Segment Start: Data listing
Lemma ts_cont_at_inv h t : ts_cont_at T h t -> h t <> 0 -> ts_cont_at T (fun y => / h y) t.
Proof.
  intros Hh Hnz eps Heps.
  pose proof (Rabs_pos_lt _ Hnz) as Hp. set (m := Rabs (h t)) in *.
  destruct (ts_cont_at_away_from_zero h t Hh Hnz) as [d1 [Hd1 Hlow]].
  destruct (Hh (eps * m * m / 2)) as [d2 [Hd2 Hclose]].
  { apply Rdiv_lt_0_compat; [repeat apply Rmult_lt_0_compat|]; lra. }
  exists (Rmin d1 d2). split; [apply Rmin_glb_lt; auto|].
  intros s Hs Hst. pose proof (Rmin_l d1 d2); pose proof (Rmin_r d1 d2).
  specialize (Hlow s Hs ltac:(lra)). specialize (Hclose s Hs ltac:(lra)). fold m in Hlow.
  assert (Hns : h s <> 0) by (intro Z; rewrite Z, Rabs_R0 in Hlow; lra).
  replace (/ h s - / h t) with ((h s - h t) * / - (h s * h t)) by (field; auto).
  rewrite Rabs_mult, Rabs_inv, Rabs_Ropp, Rabs_mult. fold m.
  apply Rle_lt_trans with (Rabs (h s - h t) * / (m / 2 * m)).
  - apply Rmult_le_compat_l; [apply Rabs_pos|]. apply Rinv_le_contravar.
    + apply Rmult_lt_0_compat; lra.
    + apply Rmult_le_compat_r; lra.
  - apply Rlt_le_trans with ((eps * m * m / 2) * / (m / 2 * m)).
    + apply Rmult_lt_compat_r; [apply Rinv_0_lt_compat, Rmult_lt_0_compat|]; lra.
    + right. field. lra.
Qed.

(* The remainder splits into the remainder of E, divided by E^sigma E s, plus a term
   controlled by the continuity of E at t. *)
Lemma delta_deriv_inv E Ed t : T t -> delta_deriv T E Ed t -> E t <> 0 -> E (fjump T t) <> 0 ->
  delta_deriv T (fun u => / E u) (- Ed / (E t * E (fjump T t))) t.
Proof.
  intros Ht HE Hn Hns eps Heps.
  set (sg := fjump T t) in *.
  assert (HEt : 0 < Rabs (E t)) by (apply Rabs_pos_lt; auto).
  assert (HEsg : 0 < Rabs (E sg)) by (apply Rabs_pos_lt; auto).
  assert (HEd : 0 <= Rabs Ed) by apply Rabs_pos.
  set (c := Rabs (E sg) * (Rabs (E t) / 2)).
  assert (Hc : 0 < c) by (unfold c; nra).
  set (eta := eps * Rabs (E t) * c / (2 * (Rabs Ed + 1))).
  assert (Heta : 0 < eta).
  { apply Rdiv_lt_0_compat; [repeat apply Rmult_lt_0_compat|]; lra. }
  pose proof (delta_deriv_cont E Ed t Ht HE) as HEc.
  destruct (HE (eps * c / 2)) as [d1 [Hd1 H1]]; [apply Rdiv_lt_0_compat; [apply Rmult_lt_0_compat|]; lra|].
  destruct (HEc eta Heta) as [d2 [Hd2 H2]].
  destruct (ts_cont_at_away_from_zero E t HEc Hn) as [d3 [Hd3 H3]].
  exists (Rmin d1 (Rmin d2 d3)). split; [repeat apply Rmin_glb_lt; auto|].
  intros s Hs Hst.
  pose proof (Rmin_l d1 (Rmin d2 d3)); pose proof (Rmin_r d1 (Rmin d2 d3));
  pose proof (Rmin_l d2 d3); pose proof (Rmin_r d2 d3).
  specialize (H1 s Hs ltac:(lra)).
  rewrite <- Rabs_Ropp in Hst. replace (- (t - s)) with (s - t) in Hst by ring.
  specialize (H2 s Hs ltac:(lra)). specialize (H3 s Hs ltac:(lra)).
  assert (Hns' : E s <> 0) by (intro Z; rewrite Z, Rabs_R0 in H3; lra).
  set (X := E sg - E s - Ed * (sg - s)) in *.
  set (D := Rabs (sg - s)). assert (HD : 0 <= D) by apply Rabs_pos.
  replace (/ E sg - / E s - - Ed / (E t * E sg) * (sg - s)) with
    (- X * / (E sg * E s) + Ed * (sg - s) * (E s - E t) * / (E t * (E sg * E s)))
    by (unfold X; field; auto).
  assert (Hlow : c <= Rabs (E sg) * Rabs (E s)) by (apply Rmult_le_compat_l; lra).
  eapply Rle_trans; [apply Rabs_triang|].
  rewrite !Rabs_mult, Rabs_Ropp, !Rabs_inv, !Rabs_mult. fold D.
  assert (B1 : Rabs X * / (Rabs (E sg) * Rabs (E s)) <= eps / 2 * D).
  { apply Rle_trans with (Rabs X * / c).
    - apply Rmult_le_compat_l; [apply Rabs_pos|]. apply Rinv_le_contravar; auto.
    - apply (Rmult_le_reg_r c); auto. rewrite Rmult_assoc, Rinv_l, Rmult_1_r by lra.
      eapply Rle_trans; [apply H1|]. unfold D, sg. right; field. }
  assert (B2 : Rabs Ed * D * Rabs (E s - E t) * / (Rabs (E t) * (Rabs (E sg) * Rabs (E s)))
               <= eps / 2 * D).
  { apply Rle_trans with (Rabs Ed * D * eta * / (Rabs (E t) * c)).
    - apply Rmult_le_compat.
      + apply Rmult_le_pos; [apply Rmult_le_pos|]; auto; apply Rabs_pos.
      + left; apply Rinv_0_lt_compat. apply Rmult_lt_0_compat; [|apply Rmult_lt_0_compat]; auto.
        apply Rabs_pos_lt; auto.
      + apply Rmult_le_compat_l; [apply Rmult_le_pos; auto|lra].
      + apply Rinv_le_contravar; [apply Rmult_lt_0_compat; auto|].
        apply Rmult_le_compat_l; lra.
    - replace (Rabs Ed * D * eta * / (Rabs (E t) * c))
        with ((Rabs Ed / (Rabs Ed + 1)) * (eps / 2 * D)) by (unfold eta; field; lra).
      assert (Rabs Ed / (Rabs Ed + 1) <= 1).
      { apply (Rmult_le_reg_r (Rabs Ed + 1)); [lra|]. field_simplify; lra. }
      assert (0 <= eps / 2 * D) by (apply Rmult_le_pos; lra).
      nra. }
  lra.
Qed.

End DeltaCalculus.

Section IncrementInequality.

Variable T : R -> Prop.
Hypothesis HT : time_scale T.

Lemma increment_le_right_dense U V u v tau eta : right_dense T tau ->
  delta_deriv T U u tau -> delta_deriv T V v tau -> Rabs u <= v -> 0 < eta ->
  exists delta, 0 < delta /\ forall w, T w -> tau < w < tau + delta ->
    Rabs (U w - U tau) <= V w - V tau + eta * (w - tau).
Proof.
  intros Hrd HdU HdV Huv Heta.
  pose proof (fjump_right_dense T tau Hrd) as Hf.
  destruct (HdU (eta / 2)) as [d1 [Hd1 H1]]; [lra|].
  destruct (HdV (eta / 2)) as [d2 [Hd2 H2]]; [lra|].
  exists (Rmin d1 d2). split; [apply Rmin_glb_lt; auto|].
  intros w Hw Hw2. rewrite Hf in H1, H2.
  pose proof (Rmin_l d1 d2); pose proof (Rmin_r d1 d2).
  specialize (H1 w Hw ltac:(rewrite Rabs_left; lra)).
  specialize (H2 w Hw ltac:(rewrite Rabs_left; lra)).
  rewrite (Rabs_left (tau - w)) in H1, H2 by lra.
  apply Rabs_le_between in H1. apply Rabs_le_between in H2.
  apply Rabs_le_between in Huv. apply Rabs_le_between.
  assert (P1 : u * (w - tau) <= v * (w - tau)) by (apply Rmult_le_compat_r; lra).
  assert (P2 : - u * (w - tau) <= v * (w - tau)) by (apply Rmult_le_compat_r; lra).
  nra.
Qed.

Lemma increment_le_slack c t U V u v eta : T c -> c <= t -> 0 < eta ->
  (forall s, T s -> c <= s < t ->
     delta_deriv T U (u s) s /\ delta_deriv T V (v s) s /\ Rabs (u s) <= v s) ->
  (left_dense T t -> ts_cont_at T U t /\ ts_cont_at T V t) ->
  forall tau, T tau -> c <= tau <= t ->
    Rabs (U tau - U c) <= V tau - V c + eta * (tau - c).
Proof.
  intros Hc Hct Heta Hder Hcont.
  apply (ts_induction T HT); auto.
  - rewrite Rminus_diag, Rabs_R0. lra.
  - intros tau Htau Hr HS Hrd.
    destruct (Hder tau Htau Hr) as [HdU [HdV Huv]].
    destruct (increment_le_right_dense U V _ _ tau eta Hrd HdU HdV Huv Heta) as [d [Hd Hloc]].
    exists d. split; auto. intros w Hw Hw2. specialize (Hloc w Hw Hw2).
    pose proof (Rabs_triang (U tau - U c) (U w - U tau)).
    replace (U tau - U c + (U w - U tau)) with (U w - U c) in H by ring. lra.
  - intros tau Htau Hr Hbel.
    destruct (left_dense_or_jump T HT c tau Hc Htau (proj1 Hr)) as [Hld|[r [Hr1 [Hr2 Hr3]]]].
    + assert (Hct2 : ts_cont_at T U tau /\ ts_cont_at T V tau).
      { destruct (Rle_lt_or_eq_dec tau t (proj2 Hr)) as [Hlt| ->]; auto.
        destruct (Hder tau Htau (conj (Rlt_le _ _ (proj1 Hr)) Hlt)) as [HdU [HdV _]].
        split; eapply delta_deriv_cont; eauto. }
      destruct Hct2 as [HcU HcV].
      apply Rle_plus_epsilon. intros eps Heps.
      destruct (HcU (eps / 2)) as [d1 [Hd1 H1]]; [lra|].
      destruct (HcV (eps / 2)) as [d2 [Hd2 H2]]; [lra|].
      destruct (Hld (Rmin (Rmin d1 d2) (tau - c))) as [w [Hw Hw2]].
      { repeat apply Rmin_glb_lt; lra. }
      pose proof (Rmin_l (Rmin d1 d2) (tau - c)); pose proof (Rmin_r (Rmin d1 d2) (tau - c)).
      pose proof (Rmin_l d1 d2); pose proof (Rmin_r d1 d2).
      specialize (H1 w Hw ltac:(rewrite Rabs_left; lra)).
      specialize (H2 w Hw ltac:(rewrite Rabs_left; lra)).
      specialize (Hbel w Hw ltac:(lra)).
      apply Rabs_le_between. apply Rabs_le_between in Hbel.
      apply Rlt_le, Rabs_le_between in H1. apply Rlt_le, Rabs_le_between in H2.
      assert (eta * (w - c) <= eta * (tau - c)) by (apply Rmult_le_compat_l; lra).
      lra.
    + specialize (Hbel r Hr1 ltac:(lra)).
      destruct (Hder r Hr1 ltac:(lra)) as [HdU [HdV Huv]].
      pose proof (delta_deriv_jump T U (u r) r Hr1 HdU) as S1.
      pose proof (delta_deriv_jump T V (v r) r Hr1 HdV) as S2.
      rewrite Hr3 in S1, S2.
      apply Rabs_le_between in Hbel. apply Rabs_le_between in Huv. apply Rabs_le_between.
      assert (P1 : u r * (tau - r) <= v r * (tau - r)) by (apply Rmult_le_compat_r; lra).
      assert (P2 : - u r * (tau - r) <= v r * (tau - r)) by (apply Rmult_le_compat_r; lra).
      assert (eta * (r - c) <= eta * (tau - c)) by (apply Rmult_le_compat_l; lra).
      nra.
Qed.

Lemma increment_le c t U V u v : T c -> T t -> c <= t ->
  (forall s, T s -> c <= s < t ->
     delta_deriv T U (u s) s /\ delta_deriv T V (v s) s /\ Rabs (u s) <= v s) ->
  (left_dense T t -> ts_cont_at T U t /\ ts_cont_at T V t) ->
  Rabs (U t - U c) <= V t - V c.
Proof.
  intros Hc Ht Hct Hder Hcont.
  apply Rle_plus_epsilon. intros eps Heps.
  assert (Heta : 0 < eps / (t - c + 1)) by (apply Rdiv_lt_0_compat; lra).
  pose proof (increment_le_slack c t U V u v _ Hc Hct Heta Hder Hcont t Ht (conj Hct (Rle_refl t))).
  assert (eps / (t - c + 1) * (t - c) <= eps).
  { apply (Rmult_le_reg_r (t - c + 1)); [lra|]. field_simplify; [|lra]. nra. }
  lra.
Qed.

Lemma cont_on_bounded c t x : T c -> T t -> c <= t -> cont_on T c t x ->
  exists M, forall u, T u -> c <= u <= t -> Rabs (x u) <= M.
Proof.
  intros Hc Ht Hct Hx.
  enough (H : forall tau, T tau -> c <= tau <= t ->
            exists M, forall u, T u -> c <= u <= tau -> Rabs (x u) <= M)
    by (apply (H t); auto; lra).
  apply (ts_induction T HT); auto.
  - exists (Rabs (x c)). intros u _ Hu. replace u with c by lra. lra.
  - intros tau Htau Hr [M HM] Hrd.
    destruct (Hx tau (conj Htau (conj (proj1 Hr) (Rlt_le _ _ (proj2 Hr)))) 1 Rlt_0_1)
      as [d [Hd Hd2]].
    exists (Rmin d (t - tau)). split; [apply Rmin_glb_lt; lra|].
    intros w Hw Hw2. exists (Rmax M (Rabs (x tau) + 1)). intros u Hu Hu2.
    pose proof (Rmin_l d (t - tau)); pose proof (Rmin_r d (t - tau)).
    destruct (Rle_lt_dec u tau).
    + eapply Rle_trans; [apply HM; auto; lra|apply Rmax_l].
    + assert (Hut : c <= u <= t) by lra.
      assert (Hdist : Rabs (u - tau) < d) by (rewrite Rabs_right; lra).
      specialize (Hd2 u (conj Hu Hut) Hdist).
      eapply Rle_trans; [|apply Rmax_r].
      pose proof (Rabs_triang_inv (x u) (x tau)). lra.
  - intros tau Htau Hr Hbel.
    destruct (left_dense_or_jump T HT c tau Hc Htau (proj1 Hr)) as [Hld|[r [Hr1 [Hr2 Hr3]]]].
    + destruct (Hx tau (conj Htau (conj (Rlt_le _ _ (proj1 Hr)) (proj2 Hr))) 1 Rlt_0_1)
        as [d [Hd Hd2]].
      destruct (Hld (Rmin d (tau - c))) as [w [Hw Hw2]]; [apply Rmin_glb_lt; lra|].
      pose proof (Rmin_l d (tau - c)); pose proof (Rmin_r d (tau - c)).
      destruct (Hbel w Hw ltac:(lra)) as [M HM].
      exists (Rmax M (Rabs (x tau) + 1)). intros u Hu Hu2.
      destruct (Rle_lt_dec u w).
      * eapply Rle_trans; [apply HM; auto; lra|apply Rmax_l].
      * assert (Hut : c <= u <= t) by lra.
        assert (Hdist : Rabs (u - tau) < d) by (rewrite Rabs_left1; lra).
        specialize (Hd2 u (conj Hu Hut) Hdist).
        eapply Rle_trans; [|apply Rmax_r].
        pose proof (Rabs_triang_inv (x u) (x tau)). lra.
    + destruct (Hbel r Hr1 ltac:(lra)) as [M HM].
      exists (Rmax M (Rabs (x tau))). intros u Hu Hu2.
      destruct (Rle_lt_dec u r).
      * eapply Rle_trans; [apply HM; auto; lra|apply Rmax_l].
      * destruct (Rle_lt_or_eq_dec u tau (proj2 Hu2)) as [Hlt| ->]; [|apply Rmax_r].
        pose proof (fjump_le T r u Hu r0). lra.
Qed.

End IncrementInequality.

Definition solves_homogeneous (T : R -> Prop) (a b : R) (d x : R -> R) : Prop :=
  forall u, in_ts T a b u -> delta_deriv T x (d u * x u) u.

Section HomogeneousEquation.

Variable T : R -> Prop.
Hypothesis HT : time_scale T.
Variables (a b : R) (d : R -> R).
Hypotheses (Ha : T a) (Hb : T b) (Hab : a <= b) (Hd : cont_on T a b d).
Hypothesis Hreg : forall t, in_ts T a b t -> 1 + mu T t * d t <> 0.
Segment End: Data listing
Aim of the exercise:
Every line from the one containing "Variables (a b : R) (d : R -> R)." to the close of the records must be reproduced exactly. Include both ends and nothing more.

Result for this task:
Variables (a b : R) (d : R -> R).
Hypotheses (Ha : T a) (Hb : T b) (Hab : a <= b) (Hd : cont_on T a b d).
Hypothesis Hreg : forall t, in_ts T a b t -> 1 + mu T t * d t <> 0.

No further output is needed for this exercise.